Guido van Rossum wrote:
> Changing the APIs would be much work, although perhaps not impossible
> of Python 3000. For example, Raymond Hettinger's partition() API
> doesn't refer to indices at all, and can replace many uses of find()
> or index().

I think Neil's proposal is not to make them go away, but to implement
them less efficiently.
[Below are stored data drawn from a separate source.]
(* Hilbert-style axiomatization of intuitionistic propositional logic in the
   full modal language: its theorems (closed under MP) are exactly the
   substitution instances of intuitionistic propositional tautologies. *)
Inductive IPC_axiom : form -> Prop :=
| ax_K  : forall a b, IPC_axiom (Imp a (Imp b a))
| ax_S  : forall a b c,
    IPC_axiom (Imp (Imp a (Imp b c)) (Imp (Imp a b) (Imp a c)))
| ax_andE1 : forall a b, IPC_axiom (Imp (And a b) a)
| ax_andE2 : forall a b, IPC_axiom (Imp (And a b) b)
| ax_andI  : forall a b, IPC_axiom (Imp a (Imp b (And a b)))
| ax_orI1  : forall a b, IPC_axiom (Imp a (Or a b))
| ax_orI2  : forall a b, IPC_axiom (Imp b (Or a b))
| ax_orE   : forall a b c,
    IPC_axiom (Imp (Imp a c) (Imp (Imp b c) (Imp (Or a b) c)))
| ax_efq   : forall a, IPC_axiom (Imp Bot a).

Inductive CS4 : form -> Prop :=
| cs4_ipc : forall a, IPC_axiom a -> CS4 a
| cs4_K   : forall a b, CS4 (Imp (Box (Imp a b)) (Imp (Box a) (Box b)))
| cs4_Kd  : forall a b, CS4 (Imp (Box (Imp a b)) (Imp (Dia a) (Dia b)))
| cs4_T   : forall a, CS4 (Imp (Box a) a)
| cs4_Td  : forall a, CS4 (Imp a (Dia a))
| cs4_4   : forall a, CS4 (Imp (Box a) (Box (Box a)))
| cs4_4d  : forall a, CS4 (Imp (Dia (Dia a)) (Dia a))
| cs4_MP  : forall a b, CS4 (Imp a b) -> CS4 a -> CS4 b
| cs4_Nec : forall a, CS4 a -> CS4 (Box a).

Definition preorder {W : Type} (R : W -> W -> Prop) : Prop :=
  (forall w, R w w) /\ (forall u v w, R u v -> R v w -> R u w).

Definition up_closed {W : Type} (R : W -> W -> Prop) (A : W -> Prop) : Prop :=
  forall w v, A w -> R w v -> A v.

Record frame := {
  world : Type;
  fallible : world -> Prop;
  le : world -> world -> Prop;
  sq : world -> world -> Prop;
  le_pre : preorder le;
  sq_pre : preorder sq;
  fallible_up_le : up_closed le fallible;
  fallible_up_sq : up_closed sq fallible
}.

Definition backward_confluent {W : Type} (le R : W -> W -> Prop) : Prop :=
  forall w v v', R w v -> le v v' -> exists w', le w w' /\ R w' v'.

Definition CS4_frame (F : frame) : Prop := backward_confluent (le F) (sq F).

Record model := {
  mframe : frame;
  val : nat -> world mframe -> Prop;
  val_up : forall p, up_closed (le mframe) (val p);
  val_fallible : forall p w, fallible mframe w -> val p w
}.

Definition CS4_model (M : model) : Prop := CS4_frame (mframe M).

Fixpoint sat (M : model) (w : world (mframe M)) (phi : form) : Prop :=
  match phi with
  | Var p => val M p w
  | Bot => fallible (mframe M) w
  | And a b => sat M w a /\ sat M w b
  | Or a b => sat M w a \/ sat M w b
  | Imp a b => forall v, le (mframe M) w v -> sat M v a -> sat M v b
  | Dia a => forall u, le (mframe M) w u ->
               exists v, sq (mframe M) u v /\ sat M v a
  | Box a => forall u v, le (mframe M) w u -> sq (mframe M) u v -> sat M v a
  end.

Definition valid_in (M : model) (phi : form) : Prop :=
  forall w, ~ fallible (mframe M) w -> sat M w phi.

Definition finite_type (T : Type) : Prop := exists l : list T, forall x, In x l.

(* Soundness is an induction on derivations, using that forcing persists
   along ≼ and that fallible worlds force everything; backward confluence of
   ⊑ is what validates □a → □□a.

   Completeness is proved with a finite canonical model over a list S of
   formulas that contains ⊥ and is closed under subformulas.  A world is a
   prime theory Γ ⊆ S closed under derivability within S, together with an
   optional target c such that ◇c ∈ S is refuted by Γ.  The order ≼ is
   inclusion of theories; ⊑ preserves □-formulas, ⊥ and the target.  Targets
   make the ◇-clause work: a world refuting ◇a is retagged with target a, and
   none of its ⊑-successors can contain a.  Lindenbaum's lemma relative to S
   produces worlds, the truth lemma identifies forcing with membership on S,
   and a world is determined by a subset of S and a target, so the model is
   finite.  With S = ⊥ :: sub φ, a non-theorem φ is refuted at the world
   obtained from Lindenbaum's lemma applied to the empty set. *)
From Stdlib Require Import List Classical ClassicalEpsilon FunctionalExtensionality PropExtensionality.
Import ListNotations.

Lemma frame_le_refl {F : frame} (w : world F) : le F w w.
Proof. apply (le_pre F). Qed.

Lemma frame_le_trans {F : frame} (u v w : world F) : le F u v -> le F v w -> le F u w.
Proof. apply (le_pre F). Qed.

Lemma frame_sq_refl {F : frame} (w : world F) : sq F w w.
Proof. apply (sq_pre F). Qed.
(* Let $Y$ be a finite poset with a unique maximal node, let $(S,M)$ be a reduced quasi-excellent local ring containing $\mathbb Q$ with $|S|=|S/M|=c$, and let $\Psi:Y\to\operatorname{Spec}(S)$ be a saturated embedding that is coheight-preserving along $\operatorname{Min}(S)$. Then $\dim(Y)=\dim(S)$.
   Context: $c$ is the cardinality of $\mathbb R$. $\dim$ of a poset = supremum of lengths of finite chains (length = number of elements minus one); $x^{\uparrow}_Y=\{z\in Y:x\le z\}$. A saturated embedding $f$ satisfies $x\le y\iff f(x)\le f(y)$ and $x<_cy\Rightarrow f(x)<_cf(y)$, where $x<_cy$ means $x<y$ with nothing strictly between. $\operatorname{Spec}(S)$ is ordered by inclusion. $\Psi$ is coheight-preserving along $\operatorname{Min}(S)$ if for every minimal prime $P$ of $S$ there is $x\in Y$ with $\Psi(x)=P$ and $\dim(S/P)=\dim(x^{\uparrow}_Y)$. *)

From HB Require Import structures.
From mathcomp Require Import all_boot all_order all_algebra.
From Stdlib Require Rdefinitions.
Set Implicit Arguments. Unset Strict Implicit. Unset Printing Implicit Defensive.
Import Order.TTheory GRing.Theory.
Local Open Scope ring_scope.

Section Ideals.
Variable S : comNzRingType.

Definition subI (I J : S -> Prop) := forall x, I x -> J x.
Definition sameI (I J : S -> Prop) := forall x, I x <-> J x.

Definition ideal (I : S -> Prop) : Prop :=
  [/\ I 0, (forall x y, I x -> I y -> I (x + y)) &
      (forall a x, I x -> I (a * x))].

Definition proper_ideal (I : S -> Prop) := ideal I /\ ~ I 1.

Definition prime_ideal (P : S -> Prop) : Prop :=
  proper_ideal P /\ (forall a b, P (a * b) -> P a \/ P b).

Definition local_ring (M : S -> Prop) : Prop :=
  proper_ideal M /\ (forall I, proper_ideal I -> subI I M).

Definition noetherian_ring : Prop :=
  forall I : nat -> S -> Prop, (forall n, ideal (I n)) ->
    (forall n, subI (I n) (I n.+1)) ->
    exists N, forall n, (N <= n)%N -> subI (I n) (I N).

Definition reduced_ring : Prop := forall (x : S) (n : nat), x ^+ n = 0 -> x = 0.

Definition contains_Q : Prop := inhabited {rmorphism rat -> S}.

Definition Spec := {P : S -> Prop | prime_ideal P}.
Definition spec_le (P Q : Spec) := subI (sval P) (sval Q).
Definition spec_lt (P Q : Spec) := spec_le P Q /\ ~ spec_le Q P.

Definition minimal_prime (P : Spec) : Prop := forall Q : Spec, ~ spec_lt Q P.
End Ideals.

Definition continuum := Rdefinitions.R.

Definition card_c (T : Type) : Prop :=
  exists f : T -> continuum, bijective f.

(* |S/M| = c : the quotient S/M (classes of x ~ y iff x - y in M) is in
   bijection with the reals. *)
Definition residue_card_c (S : comNzRingType) (M : S -> Prop) : Prop :=
  exists f : S -> continuum,
    (forall r, exists x, f x = r) /\ (forall x y, f x = f y <-> M (x - y)).

(* A chain in A for the strict order lt: a sequence of elements of A, each
   strictly below the next. Its length is (number of elements) - 1. *)
Fixpoint chain_in (T : Type) (A : T -> Prop) (lt : T -> T -> Prop) (s : seq T)
  : Prop :=
  match s with
  | [::] => True
  | x :: s' =>
      A x /\ chain_in A lt s' /\
      (match s' with [::] => True | y :: _ => lt x y end)
  end.

Definition is_dim (T : Type) (A : T -> Prop) (lt : T -> T -> Prop) (d : nat)
  : Prop :=
  (exists s, chain_in A lt s /\ size s = d.+1) /\
  (forall s, chain_in A lt s -> (size s <= d.+1)%N).

(* Equality of dimensions in N u {oo}: the two suprema agree
   (both infinite, or both equal to the same d). *)
Definition same_dim (T1 T2 : Type) (A1 : T1 -> Prop) (lt1 : T1 -> T1 -> Prop)
  (A2 : T2 -> Prop) (lt2 : T2 -> T2 -> Prop) : Prop :=
  forall d, is_dim A1 lt1 d <-> is_dim A2 lt2 d.

Section Posets.
Variables (disp : Order.disp_t) (Y : finPOrderType disp).

Definition maximal_node (m : Y) : Prop := forall z : Y, (m <= z)%O -> z = m.
Definition unique_maximal : Prop :=
  exists m, maximal_node m /\ forall m', maximal_node m' -> m' = m.

Definition up_set (x : Y) : Y -> Prop := fun z => (x <= z)%O.

Definition covers_Y (x y : Y) : Prop :=
  (x < y)%O /\ ~ (exists z, (x < z)%O /\ (z < y)%O).

Variable S : comNzRingType.

Definition covers_spec (P Q : Spec S) : Prop :=
  spec_lt P Q /\ ~ (exists R, spec_lt P R /\ spec_lt R Q).

Definition saturated_embedding (Psi : Y -> Spec S) : Prop :=
  (forall x y : Y, (x <= y)%O <-> spec_le (Psi x) (Psi y)) /\
  (forall x y : Y, covers_Y x y -> covers_spec (Psi x) (Psi y)).

(* dim(S/P) = Krull dimension of S/P = dim of the poset of primes containing P *)
Definition coheight_preserving_min (Psi : Y -> Spec S) : Prop :=
  forall P : Spec S, minimal_prime P ->
    exists x : Y, sameI (sval (Psi x)) (sval P) /\
      same_dim (fun Q : Spec S => spec_le P Q) (@spec_lt S)
               (up_set x) (fun a b : Y => (a < b)%O).
End Posets.

From mathcomp Require Import all_boot all_order all_algebra.
From mathcomp Require Import boolp classical_sets.
Set Implicit Arguments. Unset Strict Implicit. Unset Printing Implicit Defensive.
Import Order.TTheory.

(* Only the order-theoretic hypotheses matter. Since Psi is an order
   embedding, every chain of Y maps to a chain of Spec(S) of the same length,
   so dim(S) >= dim(Y). Conversely, a chain of primes Q_0 < ... < Q_n lies
   above some minimal prime P contained in Q_0 (Zorn), hence n <= dim(S/P);
   coheight preservation gives dim(S/P) = dim(x^up) <= dim(Y) for the node x
   with Psi(x) = P. As Y is finite and nonempty, dim(Y) is a natural number. *)

Section Chains.
Variables (T : Type) (lt : T -> T -> Prop).

Lemma chain_in_sub (A B : T -> Prop) s :
  (forall a, A a -> B a) -> chain_in A lt s -> chain_in B lt s.
Proof.
move=> AB; elim: s => //= x s IH [Ax [Cs Hx]].
by split; [exact: AB | split; [exact: IH |]].
Qed.

Lemma chain_in_up (A B : T -> Prop) x s :
  (forall a b, lt a b -> B a -> B b) -> B x ->
  chain_in A lt (x :: s) -> chain_in B lt (x :: s).
Proof.
move=> Bup; elim: s x => [|y s IH] x Bx /= [_ [Cs Hxy]] //.
by split=> //; split=> //; apply: IH => //; exact: Bup Hxy Bx.
Qed.

Lemma chain_in_map (T' : Type) (lt' : T' -> T' -> Prop) (f : T -> T')
    (A : T -> Prop) (A' : T' -> Prop) s :
  (forall a, A a -> A' (f a)) -> (forall a b, lt a b -> lt' (f a) (f b)) ->
  chain_in A lt s -> chain_in A' lt' (map f s).
Proof.
move=> fA flt; elim: s => //= x s IH [Ax [Cs Hx]].
split; first exact: fA.
by split; [exact: IH | case: s Hx {IH Cs} => //= y s /flt].
Qed.

Lemma is_dim_uniq (A : T -> Prop) d e : is_dim A lt d -> is_dim A lt e -> d = e.
Proof.
move=> [[s [Cs Ss]] Hd] [[t [Ct St]] He].
have := Hd _ Ct; have := He _ Cs; rewrite Ss St !ltnS => de ed.
by apply/eqP; rewrite eqn_leq de ed.
Qed.

Lemma is_dim_le (A B : T -> Prop) d e :
  (forall a, A a -> B a) -> is_dim A lt d -> is_dim B lt e -> (d <= e)%N.
Proof.
move=> AB [[s [Cs Ss]] _] [_ He].
by rewrite -ltnS -Ss; apply: He; exact: chain_in_sub Cs.
Qed.

Lemma is_dim_exists (A : T -> Prop) n :
  (exists x, A x) -> (forall s, chain_in A lt s -> (size s <= n)%N) ->
  exists d, is_dim A lt d.
Proof.
move=> [x Ax] Hn.
pose P k := `[< exists s, chain_in A lt s /\ size s = k.+1 >].
have P0 : exists k, P k by exists 0; apply/asboolP; exists [:: x].
have Pn k : P k -> (k <= n)%N.
  by move=> /asboolP [s [/Hn + Ss]]; rewrite Ss; exact: ltnW.
case: (ex_maxnP P0 Pn) => d /asboolP chain_d d_max.
exists d; split=> // -[|y s] Cs //=.
by rewrite ltnS; apply: d_max; apply/asboolP; exists (y :: s).
Qed.

End Chains.

Lemma same_dim_is_dim (T1 T2 : Type) (A1 : T1 -> Prop) (lt1 : T1 -> T1 -> Prop)
    (A2 : T2 -> Prop) (lt2 : T2 -> T2 -> Prop) d :
  is_dim A1 lt1 d -> is_dim A2 lt2 d -> same_dim A1 lt1 A2 lt2.
Proof.
by move=> d1 d2 e; split=> He; [rewrite (is_dim_uniq He d1) | rewrite (is_dim_uniq He d2)].
Qed.

Section FinitePoset.
Variables (disp : Order.disp_t) (Y : finPOrderType disp).

Lemma chain_in_size_card (A : Y -> Prop) s :
  chain_in A (fun a b : Y => (a < b)%O) s -> (size s <= #|Y|)%N.
Proof.
have sorted_s : chain_in A (fun a b : Y => (a < b)%O) s -> sorted <%O s.
  elim: s => //= x s IH [_ [Cs Hx]]; move: (IH Cs).
  by case: s Hx {IH Cs} => //= y s -> ->.
move=> /sorted_s /(sorted_uniq lt_trans ltxx) s_uniq.
by rewrite -(card_uniqP s_uniq) max_card.
Qed.

Lemma is_dim_finPOrder (A : Y -> Prop) :
  (exists x, A x) -> exists d, is_dim A (fun a b : Y => (a < b)%O) d.
Proof. by move=> A0; apply: is_dim_exists A0 (@chain_in_size_card A). Qed.

End FinitePoset.

Section MinimalPrimes.
Variable S : comNzRingType.

Lemma prime_ideal_bigcap (C : Spec S -> Prop) :
  (exists P, C P) -> (forall P Q, C P -> C Q -> spec_le P Q \/ spec_le Q P) ->
  prime_ideal (fun z => forall P, C P -> sval P z).
Proof.
move=> [P0 CP0] Ctot.
split; [split; [split|] |].
- by move=> P _; case: (svalP P) => [[[]]] //.
- by move=> x y Ix Iy P CP; case: (svalP P) => [[[_ + _] _] _]; apply; [exact: Ix|exact: Iy].
- by move=> a x Ix P CP; case: (svalP P) => [[[_ _ +] _] _]; apply; exact: Ix.
- by move=> I1; case: (svalP P0) => [[_ +] _]; apply; exact: I1.
- move=> x y Ixy.
  have [Ix|/existsNP [P /not_implyP [CP nPx]]] := pselect (forall P, C P -> sval P x).
    by left.
  right=> Q CQ.
  case: ((svalP Q).2 _ _ (Ixy Q CQ)) => // Qx.
  case: (Ctot _ _ CP CQ) => [PQ|QP]; last by case: nPx; exact: QP.
  by case: ((svalP P).2 _ _ (Ixy P CP)) => // /PQ.
Qed.

Lemma exists_minimal_prime (Q : Spec S) :
  exists P : Spec S, minimal_prime P /\ spec_le P Q.
Proof.
pose below := {P : Spec S | spec_le P Q}.
pose R (P P' : below) := `[< spec_le (sval P') (sval P) >].
have [| | |P Pmax] := @ZL_preorder below (exist _ Q (fun _ => id)) R.
- by move=> P; apply/asboolP.
- by move=> ? ? ? /asboolP le1 /asboolP le2; apply/asboolP => z /le2 /le1.
- move=> Ch Chtot.
  have [[P0 ChP0]|Ch0] := pselect (exists P, Ch P); last first.
    by exists (exist _ Q (fun _ => id)) => P ChP; case: Ch0; exists P.
  pose C P' := exists2 P, Ch P & sval P = P'.
  have C0 : exists P, C P by exists (sval P0); exists P0.
  have Ctot P P' : C P -> C P' -> spec_le P P' \/ spec_le P' P.
    move=> [{}P ChP <-] [{}P' ChP' <-].
    by case: (Chtot _ _ ChP ChP') => /asboolP; [right|left].
  have I_prime := prime_ideal_bigcap C0 Ctot.
  have IQ : spec_le (exist _ _ I_prime) Q.
    by move=> z Iz; apply: (svalP P0); apply: Iz; exists P0.
  by exists (exist _ (exist _ _ I_prime) IQ) => P ChP; apply/asboolP => z Iz; apply: Iz; exists P.
- exists (sval P); split; last exact: (svalP P).
  move=> P' [P'P nPP'].
  have P'Q : spec_le P' Q by move=> z /P'P; exact: (svalP P).
  by case: nPP'; apply/asboolP/(Pmax (exist _ P' P'Q)); apply/asboolP.
Qed.

End MinimalPrimes.

Section SaturatedEmbedding.
Variables (disp : Order.disp_t) (Y : finPOrderType disp) (S : comNzRingType).
Variable Psi : Y -> Spec S.

Lemma chain_in_order_embedding (A : Y -> Prop) s :
  (forall x y : Y, (x <= y)%O <-> spec_le (Psi x) (Psi y)) ->
  chain_in A (fun a b : Y => (a < b)%O) s ->
  chain_in (fun _ => True) (@spec_lt S) (map Psi s).
Proof.
move=> Psi_le; apply: chain_in_map => // a b ab; split; first exact/Psi_le/ltW.
by move=> /Psi_le ba; move: (lt_le_trans ab ba); rewrite ltxx.
Qed.

Lemma chain_in_Spec_size_le dY s :
  coheight_preserving_min Psi ->
  is_dim (fun _ : Y => True) (fun a b : Y => (a < b)%O) dY ->
  chain_in (fun _ => True) (@spec_lt S) s -> (size s <= dY.+1)%N.
Proof.
move=> Psi_coh dimY; case: s => [|Q s] // Cs.
have [P [P_min PQ]] := exists_minimal_prime Q.
have [x [_ dimSP_dimx]] := Psi_coh P P_min.
have [d dimx] := is_dim_finPOrder (ex_intro (up_set x) x (lexx x)).
have CP : chain_in (spec_le P) (@spec_lt S) (Q :: s).
  by apply: chain_in_up Cs => // a b [ab _] Pa z /Pa /ab.
apply: leq_trans (((dimSP_dimx d).2 dimx).2 _ CP) _.
by rewrite ltnS; apply: is_dim_le dimx dimY.
Qed.

Lemma is_dim_Spec dY :
  saturated_embedding Psi -> coheight_preserving_min Psi ->
  is_dim (fun _ : Y => True) (fun a b : Y => (a < b)%O) dY ->
  is_dim (fun _ => True) (@spec_lt S) dY.
Proof.
move=> [Psi_le _] Psi_coh dimY; split; last by move=> s; exact: chain_in_Spec_size_le.
have [[s [Cs Ss]] _] := dimY.
by exists (map Psi s); rewrite size_map; split=> //; exact: chain_in_order_embedding Cs.
Qed.

End SaturatedEmbedding.

Theorem mainTheorem9 (disp : Order.disp_t) (Y : finPOrderType disp)
  (S : comNzRingType) (M : S -> Prop) (Psi : Y -> Spec S) :
  unique_maximal Y ->
  local_ring M -> noetherian_ring S -> reduced_ring S -> contains_Q S ->
  card_c S -> residue_card_c M ->
  saturated_embedding Psi -> coheight_preserving_min Psi ->
  same_dim (fun _ : Y => True) (fun a b : Y => (a < b)%O)
           (fun _ : Spec S => True) (@spec_lt S).
Proof.
move=> [m _] _ _ _ _ _ _ Psi_sat Psi_coh.
have [dY dimY] := is_dim_finPOrder (ex_intro (fun _ : Y => True) m I).
exact: same_dim_is_dim dimY (is_dim_Spec Psi_sat Psi_coh dimY).
Qed.
Definition smod_iso (R : pzRingType) (A B : smod R) : Prop :=
  exists phi : scarrier A -> scarrier B,
    (forall x, svalid x -> svalid (phi x)) /\
    (forall x y, svalid x -> svalid y -> seqv x y -> seqv (phi x) (phi y)) /\
    (forall x y, svalid x -> svalid y ->
        seqv (phi (sadd x y)) (sadd (phi x) (phi y))) /\
    (forall (r : R) x, svalid x -> seqv (phi (sscale r x)) (sscale r (phi x))) /\
    (forall x y, svalid x -> svalid y -> seqv (phi x) (phi y) -> seqv x y) /\
    (forall z, svalid z -> exists x, svalid x /\ seqv (phi x) z).

Definition loc_eq (R : comPzRingType) (N : lmodType R) (S : R -> Prop)
  (x y : N * R) : Prop :=
  exists t, S t /\ t *: (y.2 *: x.1 - x.2 *: y.1) = 0.

Definition loc_add (R : comPzRingType) (N : lmodType R) (x y : N * R) : N * R :=
  (y.2 *: x.1 + x.2 *: y.1, x.2 * y.2).

Definition loc_scale (R : comPzRingType) (N : lmodType R) (r : R) (x : N * R) : N * R :=
  (r *: x.1, x.2).

Definition loc_mod (R : comPzRingType) (N : lmodType R) (S : R -> Prop) : smod R :=
  @SMod R (N * R) (fun x => S x.2) (loc_eq S) (0, 1)
        (@loc_add R N) (@loc_scale R N).

Definition powers (R : pzRingType) (f : R) : R -> Prop := fun s => exists n, s = f ^+ n.
Definition compl (R : pzRingType) (p : R -> Prop) : R -> Prop := fun s => ~ p s.

Definition Nf (R : comPzRingType) (N : lmodType R) (f : R) : smod R :=
  loc_mod N (powers f).

(* a family gamma = (gamma_p)_{p in Supp U}, gamma_p in N_p given by a
   representative, satisfying the local-fraction condition *)
Definition is_section (R : comPzRingType) (M N : lmodType R)
  (U : (M -> Prop) -> Prop) (gamma : (R -> Prop) -> N * R) : Prop :=
  (forall p, Supp U p -> ~ p (gamma p).2) /\
  (forall Q, U Q -> exists W : (M -> Prop) -> Prop,
      zopen W /\ W Q /\ (forall P, W P -> U P) /\
      exists (s : R) (m : N), forall P, W P ->
        ~ colon P s /\ loc_eq (compl (colon P)) (gamma (colon P)) (m, s)).

Definition sections_mod (R : comPzRingType) (M N : lmodType R)
  (U : (M -> Prop) -> Prop) : smod R :=
  @SMod R ((R -> Prop) -> N * R)
    (is_section U)
    (fun g g' => forall p, Supp U p -> loc_eq (compl p) (g p) (g' p))
    (fun _ => (0, 1))
    (fun g g' p => loc_add (g p) (g' p))
    (fun r g p => loc_scale r (g p)).

(* Since M is faithful, primeful and has a prime submodule, P |-> (P:M) maps
   X_f onto the primes of R avoiding f, so a section over X_f is a family of
   fractions gamma_q (f \notin q) that is locally of the form a/g on the basic
   opens D(g) = {q | g \notin q}.  As for the structure sheaf of Spec R
   (Hartshorne II.2.2), quasi-compactness of D(f) yields finitely many local
   representations a_i/g_i with f^e in the ideal (g_i); raising the g_i to a
   common power makes the a_i/g_i agree on the nose, and a partition
   f^e = sum r_i g_i glues them into the single fraction (sum r_i a_i)/f^e.
   Sending a section to this fraction is the isomorphism: it is well defined
   and injective because an element of N vanishing in N_q for every prime q
   avoiding f is killed by a power of f.  Both finiteness arguments rest on
   the existence (Zorn) of a prime ideal containing a given ideal and
   avoiding the powers of f. *)

From mathcomp Require Import all_boot all_algebra.
From mathcomp Require Import boolp classical_sets.
From mathcomp Require Import ring.
Set Implicit Arguments. Unset Strict Implicit. Unset Printing Implicit Defensive.
Import GRing.Theory.
Local Open Scope ring_scope.

(* A module identity in (at most) four vectors u, v, w, z is the image of a
   ring identity in R^4 under (a, b, c, d) |-> a u + b v + c w + d z. *)
Lemma lin_comb_ind (R : comPzRingType) (N : lmodType R) (u v w z : N)
    (P : N -> N -> N -> N -> Prop) :
  (forall L : R -> R -> R -> R -> N,
     (forall a b c d a' b' c' d',
        L a b c d + L a' b' c' d' = L (a + a') (b + b') (c + c') (d + d')) ->
     (forall a b c d, - L a b c d = L (- a) (- b) (- c) (- d)) ->
     (forall r a b c d, r *: L a b c d = L (r * a) (r * b) (r * c) (r * d)) ->
     L 0 0 0 0 = 0 ->
     P (L 1 0 0 0) (L 0 1 0 0) (L 0 0 1 0) (L 0 0 0 1)) ->
  P u v w z.
Proof.
pose L a b c d := (a *: u + b *: v) + (c *: w + d *: z) => /(_ L).
have LD a b c d a' b' c' d' :
    L a b c d + L a' b' c' d' = L (a + a') (b + b') (c + c') (d + d').
  by rewrite /L addrACA [X in X + _]addrACA [X in _ + X]addrACA !scalerDl.
have LN a b c d : - L a b c d = L (- a) (- b) (- c) (- d).
  by rewrite /L !opprD !scaleNr.
have LZ r a b c d : r *: L a b c d = L (r * a) (r * b) (r * c) (r * d).
  by rewrite /L !scalerDr !scalerA.
have L0 : L 0 0 0 0 = 0 by rewrite /L !scale0r !addr0.
by move=> /(_ LD LN LZ L0); rewrite /L !scale0r !scale1r ?addr0 ?add0r.
Qed.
For example, if the internal representation
is UTF-8, indexing requires linear time, as opposed to constant time.
If the internal representation is UTF-16, and you have a flag to
indicate whether there are any surrogates on the string, indexing
is constant if the flag is false, else linear.

> Perhaps we could provide a different kind of API to support the
> latter, perhaps based on a mutable character buffer data type without
> direct indexing?

There are different design goals conflicting here:
- some think: "all my data is ASCII, so I want to only use one
   byte per character".
- others think: "all my data goes to the Windows API, so I want
   to use 2 byte per character".
- yet others think: "I want all of Unicode, with proper, efficient
   indexing, so I want four bytes per char".

It's not so much a matter of API as a matter of internal
representation. The API doesn't have to change (except for the
very low-level C API that directly exposes Py_UNICODE*, perhaps).